Records provided>
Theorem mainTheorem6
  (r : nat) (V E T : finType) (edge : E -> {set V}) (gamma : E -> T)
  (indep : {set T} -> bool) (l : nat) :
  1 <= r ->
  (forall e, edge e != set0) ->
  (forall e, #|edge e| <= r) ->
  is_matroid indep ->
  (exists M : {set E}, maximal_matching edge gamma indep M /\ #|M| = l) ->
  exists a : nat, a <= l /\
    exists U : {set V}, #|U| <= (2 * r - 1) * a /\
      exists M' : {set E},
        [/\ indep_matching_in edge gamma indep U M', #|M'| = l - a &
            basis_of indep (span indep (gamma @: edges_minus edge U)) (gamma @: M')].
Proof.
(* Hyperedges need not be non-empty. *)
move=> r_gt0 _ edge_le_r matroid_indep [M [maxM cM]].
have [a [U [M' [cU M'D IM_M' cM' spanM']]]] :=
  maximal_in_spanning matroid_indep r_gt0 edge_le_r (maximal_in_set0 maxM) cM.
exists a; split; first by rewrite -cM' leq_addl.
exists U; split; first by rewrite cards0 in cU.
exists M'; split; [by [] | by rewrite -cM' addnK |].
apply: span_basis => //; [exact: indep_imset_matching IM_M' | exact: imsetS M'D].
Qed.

Task prompt>
All that belongs in the answer is the run of lines above from the line containing "(r : nat) (V" through the line containing "exists U; split;", exactly as written.

Your response>
  (r : nat) (V E T : finType) (edge : E -> {set V}) (gamma : E -> T)
  (indep : {set T} -> bool) (l : nat) :
  1 <= r ->
  (forall e, edge e != set0) ->
  (forall e, #|edge e| <= r) ->
  is_matroid indep ->
  (exists M : {set E}, maximal_matching edge gamma indep M /\ #|M| = l) ->
  exists a : nat, a <= l /\
    exists U : {set V}, #|U| <= (2 * r - 1) * a /\
      exists M' : {set E},
        [/\ indep_matching_in edge gamma indep U M', #|M'| = l - a &
            basis_of indep (span indep (gamma @: edges_minus edge U)) (gamma @: M')].
Proof.
(* Hyperedges need not be non-empty. *)
move=> r_gt0 _ edge_le_r matroid_indep [M [maxM cM]].
have [a [U [M' [cU M'D IM_M' cM' spanM']]]] :=
  maximal_in_spanning matroid_indep r_gt0 edge_le_r (maximal_in_set0 maxM) cM.
exists a; split; first by rewrite -cM' leq_addl.
exists U; split; first by rewrite cards0 in cU.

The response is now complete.